ViaTOLL w środku lata 2014

ViaTOLL w środku lata 2014

Miało być pięknie, a wyszło jak zawsze... Od dłuższego czasu posłowie pracowali nad nowelizacją ustawy o drogach publicznych, a dokładnie nad zmianą w systemie karania kierujących naruszających przepisy dotyczące systemu viaTOLL. Atmosfera wokół całej sprawy narastała wraz z...

Interpretacje przepisów dotyczących karania okazały się sprzeczne z Konstytucją RP. Potwierdzenie takiego stanowiska możemy znaleźć w wielu wyrokach sądów. Przez media przelała się fala krytyki wylanej najpierw na Kapscha, a potem na twórców tego wspaniałego prawa. Dla ekipy rządzącej stało się jasne, że trzeba coś zmienić. Jednocześnie nastąpiły zmiany personalne i w GDDKiA, i ministerstwie transportu. Wielu przedsiębiorców i kierowców upatrywało w tych zmianach jutrzenki normalności i dostosowania polskiego prawa do przepisów innych państw EU, w których system viaTOLL działa bez większych problemów.

Obiecująca nowelizacja

Projekt, który powstał był bardzo obiecujący. Sami nie mogliśmy uwierzyć, że coś takiego może być brane pod uwagę. Nowelizacja zakładała zwolnienie z tzw. viaTOLL przedsiębiorców wykonujących przewozy na liniach regularnych do 150 km. Zwolnione miały być również samochody osobowe z przyczepkami/lawetami, a także autobusy dowożące dzieci do szkoły. Natomiast ani słowem nikt nie wspomniał o możliwości doładowania konta „wstecz”, co jest fundamentalną i najważniejszą zmianą, o którą postulujemy od samego początku. Jednocześnie wszystkie nasze źródła zbliżone do Komisji Infrastruktury mówiły wprost o tym, że zmiany te nie zostaną przyjęte. Poczuliśmy delikatną „niespójność” w działaniach tejże komisji. Równocześnie zaczęły w nas dojrzewać najczarniejsze obawy, które mieliśmy od samego początku prac nad tym projektem.

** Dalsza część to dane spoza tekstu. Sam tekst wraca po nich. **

Definition is_singleton_of (X : pset) (s : W) : Prop := forall w, X w <-> w = s.
Definition is_singleton (X : pset) : Prop := exists s, is_singleton_of X s.

Definition identifiable (Obs : pset -> Prop) : Prop :=
  exists L : list pset -> pset,
    forall s D, data_stream Obs D -> sound_for D s -> complete_for Obs D s ->
      exists N, forall n, N <= n -> is_singleton_of (L (prefix D n)) s.

Definition total_preorder (le : prel) : Prop :=
  (forall x y, le x y \/ le y x) /\ (forall x y z, le x y -> le y z -> le x z).

Definition minset (le : prel) (X : pset) : pset :=
  fun x => X x /\ forall y, X y -> le y x -> le x y.

Definition setT : pset := fun _ => True.

Definition lex1 (le : prel) (p : pset) : prel :=
  fun t w => (p t /\ p w /\ le t w) \/ (~ p t /\ ~ p w /\ le t w) \/ (p t /\ ~ p w).

(* upgrade  le ↑ x  (taken literally from the paper) *)
Definition upgrade (le : prel) (x : W) : prel :=
  fun t w => (t <> x /\ w <> x /\ le t w) \/ (t = x /\ w <> x).

Definition rel_eq (r1 r2 : prel) : Prop := forall t w, r1 t w <-> r2 t w.

(* anchored lexicographic revision Lex^+_1, as a (nondeterministic) relation:
   lexplus le p le2  iff  le2 is a possible result of Lex^+_1(le, p) *)
Definition lexplus (le : prel) (p : pset) (le2 : prel) : Prop :=
  (is_singleton (minset (lex1 le p) setT) /\ rel_eq le2 (lex1 le p)) \/
  (~ is_singleton (minset (lex1 le p) setT) /\
   exists x, minset (lex1 le p) setT x /\ rel_eq le2 (upgrade (lex1 le p) x)).

Definition ab_step (le : prel) (p : pset) (le2 : prel) : Prop :=
  lexplus le (minset le p) le2.

(* P 0, ..., P n is a run of Lex_AB (one resolution of the random choices)
   from the prior le0 on the stream D *)
Definition ab_partial_run (le0 : prel) (D : nat -> pset) (P : nat -> prel) (n : nat)
  : Prop :=
  rel_eq (P 0) le0 /\ forall k, k < n -> ab_step (P k) (D k) (P (S k)).
(* Let $f=[f_k]:\mathbb{R}^n\to\mathbb{R}^n$ and $g_p=[g_{p,k}]:\mathbb{R}^n\to\mathbb{R}^n$, $p\in\{1,\dots,d\}$, be functions, let $\alpha^1,\dots,\alpha^d\in\mathbb{N}^m$, and let $(x^i,\dot x^i,u^i)\in\mathbb{R}^n\times\mathbb{R}^n\times\mathbb{R}^m$ be a data point satisfying $\dot x^i=f(x^i)+\sum_{p=1}^d g_p(x^i)\,u^i[\alpha^p]$. Let $\mathcal{F}^i=[\mathcal{F}^i_k]\in\mathbb{IR}^n$ with $f(x^i)\in\mathcal{F}^i$ and $\mathcal{G}^i=[\mathcal{G}^i_{p,k}]\in\mathbb{IR}^{d\times n}$ with $g_{p,k}(x^i)\in\mathcal{G}^i_{p,k}$ for all $p,k$. For each $k\in\{1,\dots,n\}$ define, using interval arithmetic, $$C_{\mathcal{F}^i_k}=\mathcal{F}^i_k\cap\Big(\dot x^i_k-\sum_{p=1}^d\mathcal{G}^i_{p,k}\,u^i[\alpha^p]\Big),\qquad \mathcal{S}_{0,k}=\big(\dot x^i_k-C_{\mathcal{F}^i_k}\big)\cap\Big(\sum_{p=1}^d\mathcal{G}^i_{p,k}\,u^i[\alpha^p]\Big),$$ and recursively for $p=1,\dots,d$: $$C_{\mathcal{G}^i_{p,k}}=\begin{cases}\Big(\big(\mathcal{S}_{p-1,k}-\sum_{l=p+1}^d\mathcal{G}^i_{l,k}u^i[\alpha^l]\big)\cap\mathcal{G}^i_{p,k}u^i[\alpha^p]\Big)\dfrac{1}{u^i[\alpha^p]}, & \text{if } u^i[\alpha^p]\neq0,\\[1ex] \mathcal{G}^i_{p,k}, &\text{otherwise,}\end{cases}$$ $$\mathcal{S}_{p,k}=\big(\mathcal{S}_{p-1,k}-C_{\mathcal{G}^i_{p,k}}u^i[\alpha^p]\big)\cap\Big(\sum_{l=p+1}^d\mathcal{G}^i_{l,k}u^i[\alpha^l]\Big)$$ (an empty sum being $[0,0]$). Then $C_{\mathcal{F}^i}=[C_{\mathcal{F}^i_k}]$ and $C_{\mathcal{G}^i}=[C_{\mathcal{G}^i_{p,k}}]$ are the smallest intervals enclosing $f(x^i)$ and $g_p(x^i)$ given only the data $(x^i,\dot x^i,u^i)$, $\mathcal{F}^i$ and $\mathcal{G}^i$; that is, for every $k$ and $p$, $C_{\mathcal{F}^i_k}$ (resp. $C_{\mathcal{G}^i_{p,k}}$) is exactly the set of values of the $k$-th component of $F$ (resp. the $(p,k)$ entry of $G$) over all pairs $(F,G)\in\mathcal{F}^i\times\mathcal{G}^i$ satisfying $\dot x^i=F+\sum_{p=1}^d G_{p,\cdot}\,u^i[\alpha^p]$, where $G_{p,\cdot}\in\mathbb{R}^n$ is the $p$-th row of $G$.
   Context: $\mathbb{IR}$ is the set of closed bounded real intervals; $\mathbb{IR}^n$, $\mathbb{IR}^{d\times n}$ are interval vectors/matrices, with intersection and membership componentwise. Operations between intervals and reals are standard interval arithmetic ($\mathcal{A}+\mathcal{B}=\{a+b\}$, $c\mathcal{A}=\{ca\}$, $\mathcal{A}-\mathcal{B}=\{a-b\}$ for $a\in\mathcal{A},b\in\mathcal{B}$), real numbers being identified with degenerate intervals. For $u\in\mathbb{R}^m$ and $\alpha\in\mathbb{N}^m$, $u[\alpha]=u_1^{\alpha_1}\cdots u_m^{\alpha_m}$. *)

From Stdlib Require Import Reals.
Open Scope R_scope.

(* Subsets of R; interval arithmetic is the set-wise (Minkowski) arithmetic
   of the paper: A+B = {a+b}, A-B = {a-b}, cA = {ca}, reals = degenerate intervals. *)
Definition iset := R -> Prop.

Definition is_interval (A : iset) : Prop :=
  exists lo hi, lo <= hi /\ forall z, A z <-> (lo <= z /\ z <= hi).

Definition ipt (r : R) : iset := fun z => z = r.
Definition iadd (A B : iset) : iset := fun z => exists a b, A a /\ B b /\ z = a + b.
Definition isub (A B : iset) : iset := fun z => exists a b, A a /\ B b /\ z = a - b.
Definition iscal (c : R) (A : iset) : iset := fun z => exists a, A a /\ z = c * a.
Definition icap (A B : iset) : iset := fun z => A z /\ B z.

Fixpoint isum (l c : nat) (F : nat -> iset) : iset :=
  match c with
  | O => ipt 0
  | S c' => iadd (F l) (isum (S l) c' F)
  end.

Fixpoint rsum (l c : nat) (f : nat -> R) : R :=
  match c with
  | O => 0
  | S c' => f l + rsum (S l) c' f
  end.

(* u[a] = u_0^{a_0} * ... * u_{m-1}^{a_{m-1}} (coordinates indexed 0..m-1). *)
Fixpoint mono (m : nat) (u : nat -> R) (a : nat -> nat) : R :=
  match m with
  | O => 1
  | S m' => mono m' u a * u m' ^ a m'
  end.

Section Contractor.
(* Data for a fixed component k: d, monomial exponents alpha p (p = 1..d),
   input u in R^m, xdot_k, the interval F_k and the intervals G_{p,k}. *)
Variables (d m : nat) (alpha : nat -> nat -> nat) (u : nat -> R)
          (xdk : R) (Fk : iset) (Gk : nat -> iset).

Definition wt (p : nat) : R := mono m u (alpha p).
Definition GU (l : nat) : iset := iscal (wt l) (Gk l).
(* sum_{l=p+1}^d G_{l,k} u[alpha^l] *)
Definition tailsum (p : nat) : iset := isum (S p) (d - p) GU.

Definition CF : iset := icap Fk (isub (ipt xdk) (tailsum 0)).

(* C_{G_{p,k}} computed from S_{p-1,k} *)
Definition CGstep (p : nat) (Sprev : iset) : iset :=
  if Req_EM_T (wt p) 0 then Gk p
  else iscal (/ wt p) (icap (isub Sprev (tailsum p)) (GU p)).

Fixpoint Sset (p : nat) : iset :=
  match p with
  | O => icap (isub (ipt xdk) CF) (tailsum 0)
  | S p' => icap (isub (Sset p') (iscal (wt p) (CGstep p (Sset p')))) (tailsum p)
  end.

Definition CG (p : nat) : iset := CGstep p (Sset (p - 1)).
End Contractor.

From Stdlib Require Import Reals Arith Lra Lia.
Open Scope R_scope.

(* For a fixed component k the constraint [xd_k = F_k + sum_p G_{p,k} u[alpha^p]]
   couples only the unknowns of row k, so it suffices to describe the contractor
   on one component.  There the invariant is that [S_q] is exactly the set of
   tails [sum_{l>q} G_l u[alpha^l]] of the feasible points: a value in
   [S_{q-1}] splits as [G_q u[alpha^q]] plus a tail, and any two partial
   solutions can be spliced at index [q] into a feasible point.  Projecting the
   feasible points onto [F] or onto [G_p] then gives [C_F] and [C_{G_p}]. *)

Lemma rsum_ext l c f g : (forall j, (l <= j < l + c)%nat -> f j = g j) ->
  rsum l c f = rsum l c g.
Proof.
  revert l; induction c as [|c IH]; intros l H; simpl; [reflexivity|].
  rewrite (H l) by lia. rewrite (IH (S l)) by (intros; apply H; lia). reflexivity.
Qed.

Lemma rsum_app l a b f : rsum l (a + b) f = rsum l a f + rsum (l + a) b f.
Proof.
  revert l; induction a as [|a IH]; intros l; simpl.
  - rewrite Nat.add_0_r; ring.
  - rewrite IH. replace (S l + a)%nat with (l + S a)%nat by lia. ring.
Qed.
Lemma is_derive_dps_x a r x y : dps_abs_conv a r -> Rabs x < r -> Rabs y < r ->
  is_derive (fun t => dps a t y) x (dps (coef_dx a) x y).
Proof.
  intros Ha Hx Hy.
  assert (Hm : Rmax (Rabs x) (Rabs y) < r) by (apply Rmax_lub_lt; auto).
  assert (Hmx := Rmax_l (Rabs x) (Rabs y)). assert (Hmy := Rmax_r (Rabs x) (Rabs y)).
  set (rho := (Rmax (Rabs x) (Rabs y) + r) / 2).
  assert (Hrho : 0 <= rho < r) by (unfold rho; pose proof (Rabs_pos x); lra).
  assert (Hyrho : Rabs y <= rho) by (unfold rho; lra).
  assert (Hd : 0 < rho - Rabs x) by (unfold rho; lra).
  set (d := mkposreal _ Hd).
  assert (Hball : forall t, Boule x d t -> Rabs t <= rho).
  { intros t Ht. unfold Boule in Ht; simpl in Ht. pose proof (Rabs_triang_inv t x). lra. }
  (* the degree-0 term is constant, so the derivative series is shifted by one *)
  set (g' := fun n t => match n with O => 0 | S m => dps_hom (coef_dx a) m t y end).
  replace (dps (coef_dx a) x y) with (Series (fun n => g' n x)).
  - apply (is_derive_Series (fun n t => dps_hom a n t y) g'
             (fun n => match n with O => 0 | S m => coef_norm (coef_dx a) m * rho ^ m end) x d).
    + unfold Boule; rewrite Rminus_eq_0, Rabs_R0; apply cond_pos.
    + intros [|n] t Ht; [unfold dps_hom; simpl; auto_derive; auto; ring | apply is_derive_dps_hom_x].
    + intros t Ht. apply (ex_series_dps_hom a r); auto. specialize (Hball t Ht). lra.
    + intros [|n] t Ht; simpl; [rewrite Rabs_R0; lra | apply Rabs_dps_hom_le; auto].
    + apply ex_series_incr_1. exact (dps_abs_conv_dx a r Ha rho Hrho).
  - unfold dps. rewrite Series_incr_1; [simpl; ring|].
    apply ex_series_incr_1, (ex_series_dps_hom (coef_dx a) r); auto. apply dps_abs_conv_dx; auto.
Qed.

Lemma is_derive_dps_y a r x y : dps_abs_conv a r -> Rabs x < r -> Rabs y < r ->
  is_derive (fun t => dps a x t) y (dps (coef_dy a) x y).
Proof.
  intros Ha Hx Hy. unfold coef_dy. rewrite dps_swap.
  apply (is_derive_ext (fun t => dps (coef_swap a) t x)); [intro; apply dps_swap|].
  apply (is_derive_dps_x _ r); auto. apply dps_abs_conv_swap; auto.
Qed.

Definition coef_deriv (a : coefs) i j : coefs := Nat.iter i coef_dx (Nat.iter j coef_dy a).
Definition pderiv (a : coefs) i j x y := dps (coef_deriv a i j) x y.

Lemma coef_dx_dy a : coef_dx (coef_dy a) = coef_dy (coef_dx a).
Proof.
  apply functional_extensionality; intro i; apply functional_extensionality; intro j.
  unfold coef_dy, coef_dx, coef_swap. ring.
Qed.

Lemma coef_deriv_Sy a i j : coef_deriv a i (S j) = coef_dy (coef_deriv a i j).
Proof.
  unfold coef_deriv. simpl. induction i as [|i IH]; simpl; auto.
  now rewrite IH, coef_dx_dy.
Qed.

Lemma dps_abs_conv_deriv a r i j : dps_abs_conv a r -> dps_abs_conv (coef_deriv a i j) r.
Proof.
  intro Ha. induction i as [|i IH]; [induction j as [|j IHj]|]; auto.
  - rewrite coef_deriv_Sy. apply dps_abs_conv_dy; auto.
  - apply dps_abs_conv_dx; auto.
Qed.

Lemma is_derive_pderiv_x a r i j x y : dps_abs_conv a r -> Rabs x < r -> Rabs y < r ->
  is_derive (fun t => pderiv a i j t y) x (pderiv a (S i) j x y).
Proof. intros. apply (is_derive_dps_x _ r); auto. apply dps_abs_conv_deriv; auto. Qed.

Lemma is_derive_pderiv_y a r i j x y : dps_abs_conv a r -> Rabs x < r -> Rabs y < r ->
  is_derive (fun t => pderiv a i j x t) y (pderiv a i (S j) x y).
Proof.
  intros. unfold pderiv. rewrite coef_deriv_Sy.
  apply (is_derive_dps_y _ r); auto. apply dps_abs_conv_deriv; auto.
Qed.

Arguments pderiv : simpl never.

(* Polynomial expressions in the partial derivatives of two germs f and phi:
   [JF i j] and [JPhi i j] stand for the derivatives of order (i, j). *)
Inductive jet : Type :=
  | JC (c : R) | JF (i j : nat) | JPhi (i j : nat) | JAdd (e1 e2 : jet) | JMul (e1 e2 : jet).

Projekt nie ma niczego naprawiać. Ma tylko wprowadzić kosmetyczne zmiany, które zamkną usta zirytowanemu społeczeństwu oraz instytucji takiej jak RPO. Ministerstwo finansów powtarzało cały czas, jak mantrę, że w systemie viaTOLL nie chodzi o karanie. Że to nie jest skok na kasę obywateli. Wszystkie te deklaracje już dziś można włożyć między bajki.

W systemie viaTOLL chodzi o karanie. Trzeba to dziś jasno i wyraźnie powiedzieć.

Co się udało?

Ze wszystkich proponowanych zmian przyjęto w zasadzie trzy.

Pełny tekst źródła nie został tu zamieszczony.